Er war noch immer unschlüssig, als Cardenas eintraf. Sie schien sich über ihn aber auch nicht im Klaren zu sein.

»Mr. Tavalera, ich kann nicht mit jemandem arbeiten, der sich vor einer Umgebung mit Nanomaschinen fürchtet.«

»Ich fürchte mich nicht vor ihnen. Ich fürchte mich nur davor, dass ich nicht wieder nach Hause darf, wenn man herausfindet, dass ich mit Ihnen zusammengearbeitet habe.«

»Verlangen Sie einfach eine komplette Untersuchung«, sagte Cardenas. »Dann wird man schon feststellen, dass Sie keine Nanobots im Körper haben.«

»Ja«, sagte er widerstrebend. »Vielleicht.«

»Wir müssten die Zusammenarbeit mit Dr. Cardenas auch gar nicht in Ihrer Akte erwähnen«, sagte Holly. »Die irdischen Behörden werden nur erfahren, dass Sie während des Aufenthalts im Habitat in der Instandhaltung gearbeitet haben.«

»Wären Sie dazu in der Lage?« Sogar Cardenas schaute ungläubig.

»In besonderen Fällen wäre ich dazu in der Lage«, sagte Holly und fragte sich zugleich, wie sie Morgenthau daran hindern könnte, ihre fleischige Nase in Tavaleras offizielles Dossier zu stecken.

»Das würden Sie für mich tun?«, fragte Tavalera.
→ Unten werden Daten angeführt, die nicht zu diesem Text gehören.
(* The statement's phis is only constrained on g; this everywhere defined linear
   adjoint replaces it (phi_starE). *)
Definition phi_star s := onb_adj (tnth u) eta (fun v => phi s v).
Definition phi_sym s x := 2^-1 *: (phi s x + phi_star s x).

Let phi_star_mem s x : phi_star s x \in g. Proof. exact: onb_adj_mem. Qed.
Let phi_star_linear s : linear (phi_star s). Proof. exact: onb_adj_linear. Qed.
Let phi_linear s : linear (fun x => phi s x). Proof. exact: br_linearl. Qed.

Lemma gm_phi_star s v w : v \in g -> gm v (phi_star s w) = gm (phi s v) w.
Proof. exact/gm_onb_adj/phi_linear. Qed.
Lemma gm_phi_starl s v w : v \in g -> gm (phi_star s w) v = gm (phi s v) w.
Proof. by move=> vg; rewrite gmC gm_phi_star. Qed.

Lemma phi_sym_mem s x : x \in g -> phi_sym s x \in g.
Proof. by move=> xg; rewrite rpredZ // rpredD ?br_gl. Qed.
Lemma phi_sym_linear s : linear (phi_sym s).
Proof.
move=> c x y; rewrite /phi_sym brDl brZl (phi_star_linear s) scalerA mulrC.
by rewrite addrACA -(scalerDr c) [2^-1 *: _]scalerDr scalerA.
Qed.
Lemma phi_sym_adj s x y : x \in g -> y \in g -> gm (phi_sym s x) y = gm x (phi_sym s y).
Proof.
move=> xg yg; rewrite /phi_sym gmZl gmZr gmDl gmDr gm_phi_starl // gm_phi_star //.
by rewrite (gmC x (phi s y)) addrC.
Qed.

Lemma phi_starE (phis : 'I_k -> V -> V) s v :
  (forall v, v \in g -> phis s v \in g) ->
  (forall v w, v \in g -> w \in g -> gm (phi s v) w = gm v (phis s w)) ->
  v \in g -> phis s v = phi_star s v.
Proof. exact: onb_adj_unique onb_g _ _ _. Qed.

Lemma nablaF_eq X Y Z : (forall W, W \in g -> 2 * gm Z W = koszul X Y W) ->
  (forall t, 2 * gm Z (e_ t) = koszul X Y (e_ t)) -> nablaF X Y = Z.
Proof. by move=> Zg Ze; apply: (lc_nabla_unique onb_full (memvf Z)) => -[i|t] /=; [apply: Zg|]. Qed.

Lemma gm_phi_sym s X Y : Y \in g ->
  gm (phi_sym s X) Y = 2^-1 * (gm (phi s X) Y + gm (phi s Y) X).
Proof. by move=> Yg; rewrite gmZl gmDl gm_phi_starl. Qed.

Lemma gm_sum_e_g (c : 'I_k -> R) W : W \in g -> gm (\sum_s c s *: e_ s) W = 0.
Proof. by move=> Wg; rewrite gm_suml big1 // => s _; rewrite gmZl gm_eg // mulr0. Qed.

Lemma gm_sum_e (c : 'I_k -> R) t : gm (\sum_s c s *: e_ s) (e_ t) = c t * eps t.
Proof.
rewrite gm_suml (bigD1 t) //= big1 => [|s st]; last by rewrite gmZl gram_e (negPf st) mulr0.
by rewrite gmZl gram_e eqxx addr0.
Qed.

Let eps2 s : eps s * eps s = 1.
Proof. by case: (eps_sign s) => ->; rewrite ?mulrNN mulr1. Qed.

Lemma nabla_gg X Y : X \in g -> Y \in g ->
  nablaF X Y = nablaG X Y - \sum_s (eps s * gm (phi_sym s X) Y) *: e_ s.
Proof.
move=> Xg Yg; apply: nablaF_eq => [W Wg|t].
  by rewrite gmBl gm_sum_e_g // subr0 nablaG_koszul //; field.
rewrite gmBl gm_sum_e gm_ge // /koszul gm_ge ?br_gl // br_eg gmNl.
by rewrite gm_phi_sym // mulrAC eps2 mul1r; field.
Qed.

Lemma nabla_ge X s : X \in g -> nablaF X (e_ s) = phi_sym s X.
Proof.
move=> Xg; apply: nablaF_eq => [W Wg|t].
  by rewrite gm_phi_sym // /koszul br_eg gmNl (gm_ge _ (br_gr _ Xg)); field.
rewrite gm_ge ?phi_sym_mem // /koszul br_ee gm0l gm_ge ?br_gl // gm_ge ?br_gr //.
by rewrite subr0 addr0 mulr0.
Qed.

Lemma nabla_eg s X : X \in g -> nablaF (e_ s) X = 2^-1 *: (phi_star s X - phi s X).
Proof.
move=> Xg; apply: nablaF_eq => [W Wg|t].
  by rewrite gmZl gmBl gm_phi_starl // /koszul br_eg gmNl (gm_ge _ (br_gl _ Xg)); field.
rewrite gmZl gmBl !gm_ge ?br_gl // /koszul br_ee gm0l gm_ge ?br_gr // gm_ge ?br_gl //.
by rewrite !subrr addr0 !mulr0.
Qed.

Lemma nabla_ee s r : nablaF (e_ s) (e_ r) = 0.
Proof.
apply: nablaF_eq => [W Wg|t]; rewrite gm0l mulr0 /koszul br_ee gm0l.
  by rewrite br_eg gmNl gm_ge ?br_gl // gm_ge ?br_gl // oppr0 subr0 addr0.
by rewrite !br_ee !gm0l subr0 addr0.
Qed.

Lemma nablaF_diag X Y : gm (nablaF X Y) X = gm (br X Y) X.
Proof. by rewrite nablaF_koszul koszul_diag; field. Qed.

Lemma nablaF_nablaG X Y W : W \in g -> gm (nablaF X Y) W = gm (nablaG X Y) W.
Proof. by move=> Wg; rewrite nablaF_koszul nablaG_koszul. Qed.

Lemma nablaG_diag X Y : X \in g -> gm (nablaG X Y) X = gm (br X Y) X.
Proof. by move=> Xg; rewrite nablaG_koszul // koszul_diag; field. Qed.

Let trace_gE f : linear f -> (forall x, x \in g -> f x \in g) -> vtrace g f = trace_g f.
Proof. exact: vtrace_onb onb_g f. Qed.

Lemma ricci_fullE Y Z : ricci br gm fullv Y Z =
  trace_g (fun X => lc_curv br gm fullv X Y Z) +
  \sum_t eps t * gm (lc_curv br gm fullv (e_ t) Y Z) (e_ t).
Proof. by rewrite (ricci_onb onb_full) /onb_trace big_sumType. Qed.

Lemma ricci_gE Y Z : ricci br gm g Y Z = trace_g (fun X => lc_curv br gm g X Y Z).
Proof. exact: ricci_onb onb_g Y Z. Qed.

Lemma gauss_equation X v w : X \in g -> v \in g -> w \in g ->
  gm (lc_curv br gm fullv X v w) X = gm (lc_curv br gm g X v w) X +
  \sum_s eps s * (gm (phi_sym s v) X * gm (phi_sym s w) X
                   - gm (phi_sym s v) w * gm (phi s X) X).
Proof.
move=> Xg vg wg.
have nabla_X_nabla_vw : gm (nablaF X (nablaF v w)) X =
    gm (nablaG X (nablaG v w)) X - \sum_s eps s * gm (phi_sym s v) w * gm (phi s X) X.
  rewrite nablaF_diag nabla_gg // brBr gmBl nablaG_diag // br_sumr gm_suml.
  by congr (_ - _); apply: eq_bigr => s _; rewrite brZr gmZl.
have nabla_v_nabla_Xw : gm (nablaF v (nablaF X w)) X =
    gm (nablaG v (nablaG X w)) X - \sum_s eps s * gm (phi_sym s X) w * gm (phi_sym s v) X.
  have lin_v := lc_nabla_linearr onb_full v.
  rewrite (nabla_gg Xg wg) (linB lin_v) (lin_sum lin_v) gmBl nablaF_nablaG // gm_suml.
  by congr (_ - _); apply: eq_bigr => s _; rewrite (linZ lin_v) nabla_ge // gmZl.
rewrite /lc_curv !gmBl nabla_X_nabla_vw nabla_v_nabla_Xw nablaF_nablaG //.
have -> : \sum_s eps s * (gm (phi_sym s v) X * gm (phi_sym s w) X
                          - gm (phi_sym s v) w * gm (phi s X) X) =
    \sum_s eps s * gm (phi_sym s X) w * gm (phi_sym s v) X
    - \sum_s eps s * gm (phi_sym s v) w * gm (phi s X) X.
  by rewrite -sumrB; apply: eq_bigr => s _; rewrite (phi_sym_adj s Xg wg) (gmC X); ring.
ring.
Qed.

Lemma curv_e_gg s v w : v \in g -> w \in g ->
  gm (lc_curv br gm fullv (e_ s) v w) (e_ s) =
  2^-1 * gm (phi s (phi_star s v) - phi_star s (phi s v)) w
  - gm (phi_sym s v) (phi_sym s w).
Proof.
move=> vg wg; have Yg : 2^-1 *: (phi_star s w - phi s w) \in g.
  by rewrite rpredZ // rpredB ?phi_star_mem ?br_gl.
rewrite /lc_curv !gmBl nablaF_diag nabla_gg // brBr br_sumr big1 => [|t _]; last first.
  by rewrite brZr br_ee scaler0.
rewrite subr0 gm_ge ?br_gr ?nablaG_mem // nabla_eg // !nablaF_koszul /koszul.
rewrite (gm_ge _ (br_gr _ Yg)) (gm_ge _ (br_gl _ (br_gr _ vg))) !br_eg.
rewrite !(brNl, brNr, gmNl, gmNr, opprK) !(brZl, brBl, gmZl, gmZr, gmBl, gmBr).
rewrite /phi_sym !(gmZl, gmZr, gmDl, gmDr).
rewrite -(gm_phi_star s v (phi_star_mem s w)) (gmC (phi_star s w)).
rewrite !gm_phi_star ?br_gl ?phi_star_mem // !gm_phi_starl ?br_gl // !(gmC (phi s w)).
by field.
Qed.

Lemma ricci_gg v w : v \in g -> w \in g ->
  ricci br gm fullv v w = ricci br gm g v w +
  \sum_s (2^-1 * eps s * gm (phi s (phi_star s v) - phi_star s (phi s v)) w
          - 2^-1 * eps s * gm (phi s v + phi_star s v) w * vtrace g (fun x => phi s x)).
Proof.
move=> vg wg; rewrite ricci_fullE ricci_gE /onb_trace.
rewrite (eq_bigr _ (fun i _ => congr1 (GRing.mul (eta i)) (gauss_equation (u_mem i) vg wg))).
rewrite (eq_bigr (fun i => eta i * gm (lc_curv br gm g (u_ i) v w) (u_ i) +
    \sum_s eps s * (eta i * gm (phi_sym s v) (u_ i) * gm (phi_sym s w) (u_ i)
                    - gm (phi_sym s v) w * (eta i * gm (phi s (u_ i)) (u_ i))))); last first.
  move=> i _; rewrite mulrDr mulr_sumr; congr (_ + _).
  by apply: eq_bigr => s _; ring.
rewrite big_split /= -addrA; congr (_ + _).
rewrite exchange_big -big_split /=; apply: eq_bigr => s _.
rewrite -mulr_sumr sumrB -mulr_sumr (onb_parseval onb_g) ?phi_sym_mem // curv_e_gg //.
rewrite trace_gE => [|c x y|x]; last by apply: br_gl.
  by rewrite /onb_trace /phi_sym !gmZl; ring.
by rewrite brDl brZl.
Qed.

Let nablaF0r X : nablaF X 0 = 0. Proof. exact: lin0 (lc_nabla_linearr onb_full X). Qed.
Let nablaF0l Y : nablaF 0 Y = 0. Proof. exact: lin0 (lc_nabla_linearl onb_full Y). Qed.

Lemma curv_e_ee t s r : gm (lc_curv br gm fullv (e_ t) (e_ s) (e_ r)) (e_ t) = 0.
Proof. by rewrite /lc_curv !nabla_ee !nablaF0r br_ee nablaF0l !subr0 gm0l. Qed.

Lemma curv_g_ee X s r : X \in g -> gm (lc_curv br gm fullv X (e_ s) (e_ r)) X =
  - (3 / 2) * gm (phi_sym r X) (phi s X) + 2^-1 * gm (phi_sym r X) (phi_star s X).
Proof.
move=> Xg; have SXg := phi_sym_mem r Xg.
rewrite /lc_curv nabla_ee nablaF0r nabla_ge // nabla_eg // nabla_ge ?br_gl //.
rewrite sub0r gmBl gmNl gmZl gmBl gm_phi_starl // -(gm_phi_star s X SXg).
by rewrite (phi_sym_adj r (br_gl _ Xg) Xg) (gmC (phi s X)); field.
Qed.

Lemma dot_phi_sym_phi s r :
  \sum_i eta i * gm (phi_sym r (u_ i)) (phi s (u_ i)) =
  2^-1 * (dot_g (fun x => phi r x) (fun x => phi s x) + trace_g (fun x => phi r (phi s x))).
Proof.
rewrite mulrDr !mulr_sumr -big_split; apply: eq_bigr => i _ /=.
by rewrite /phi_sym gmZl gmDl gm_phi_starl ?br_gl //; ring.
Qed.

Lemma dot_phi_sym_phi_star s r :
  \sum_i eta i * gm (phi_sym r (u_ i)) (phi_star s (u_ i)) =
  2^-1 * (trace_g (fun x => phi s (phi r x)) + dot_g (fun x => phi r x) (fun x => phi s x)).
Proof.
have -> : dot_g (fun x => phi r x) (fun x => phi s x) = trace_g (fun x => phi s (phi_star r x)).
  rewrite (onb_traceC onb_g (A := fun x => phi s x) (B := phi_star r)) //.
    by apply: eq_bigr => i _; rewrite gm_phi_starl.
  by move=> x xg; apply: br_gl.
rewrite mulrDr !mulr_sumr -big_split; apply: eq_bigr => i _ /=.
by rewrite /phi_sym gmZl gmDl !gm_phi_star ?br_gl //; ring.
Qed.

Lemma ricci_ee s r : ricci br gm fullv (e_ s) (e_ r) =
  - 2^-1 * dot_g (fun x => phi s x) (fun x => phi r x)
  - 2^-1 * vtrace g (fun v => phi s (phi r v)).
Proof.
rewrite ricci_fullE big1 ?addr0 => [|t _]; last by rewrite curv_e_ee mulr0.
rewrite /onb_trace (eq_bigr _ (fun i _ => congr1 (GRing.mul (eta i)) (curv_g_ee s r (u_mem i)))).
rewrite (eq_bigr (fun i => - (3 / 2) * (eta i * gm (phi_sym r (u_ i)) (phi s (u_ i))) +
    2^-1 * (eta i * gm (phi_sym r (u_ i)) (phi_star s (u_ i))))) => [|i _]; last by ring.
rewrite big_split /= -!mulr_sumr dot_phi_sym_phi dot_phi_sym_phi_star.
have dotC : dot_g (fun x => phi r x) (fun x => phi s x) = dot_g (fun x => phi s x) (fun x => phi r x).
  by apply: eq_bigr => i _; rewrite gmC.
rewrite dotC (onb_traceC onb_g (A := fun x => phi r x) (B := fun x => phi s x)) //.
- rewrite trace_gE; first by field.
    by move=> c x y; rewrite !(brDl, brZl).
  by move=> x xg; apply/br_gl/br_gl.
- by move=> x; apply: br_gl.
- by move=> x; apply: br_gl.
Qed.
»Sicher würde ich das tun«, sagte Holly.

Er war noch nicht ganz überzeugt, doch dann drehte er sich plötzlich zu Cardenas um und sagte: »Ich schätze, wenn Sie Mist machen und Killer-Nanos freisetzen, würde sowieso die ganze Belegschaft des Habitats dran glauben müssen. Da kann ich genauso gut mit Ihnen zusammenarbeiten. Ist auf alle Fälle besser als die Wartung von landwirtschaftlichem Gerät.«

Cardenas schaute Holly an und brach in Gelächter aus. »Sie sprühen geradezu vor Begeisterung, Mr. Tavalera.«

Auf seinem Pferdegesicht erschien ein verkniffenes Grinsen. »Stimmt, der bin ich: Mr. Begeisterung.«

»Mal ernsthaft«, sagte Holly zu ihm, »wollen Sie nun mit Dr. Cardenas zusammenarbeiten oder nicht?«

»Ich werde es tun. Wieso auch nicht? Was habe ich denn schon zu verlieren?«

»Sind Sie mit ihm einverstanden?«, wandte Holly sich an Cardenas.

Cardenas lächelte ihren neuen Assistenten an und sagte: »Na ja — wir werden uns schon irgendwie zusammenraufen.«

Sie erhob sich, und Tavalera folgte ihrem Beispiel mit einem schüchternen Lächeln. Er sieht gleich viel besser aus, wenn er lächelt, sagte Holly sich.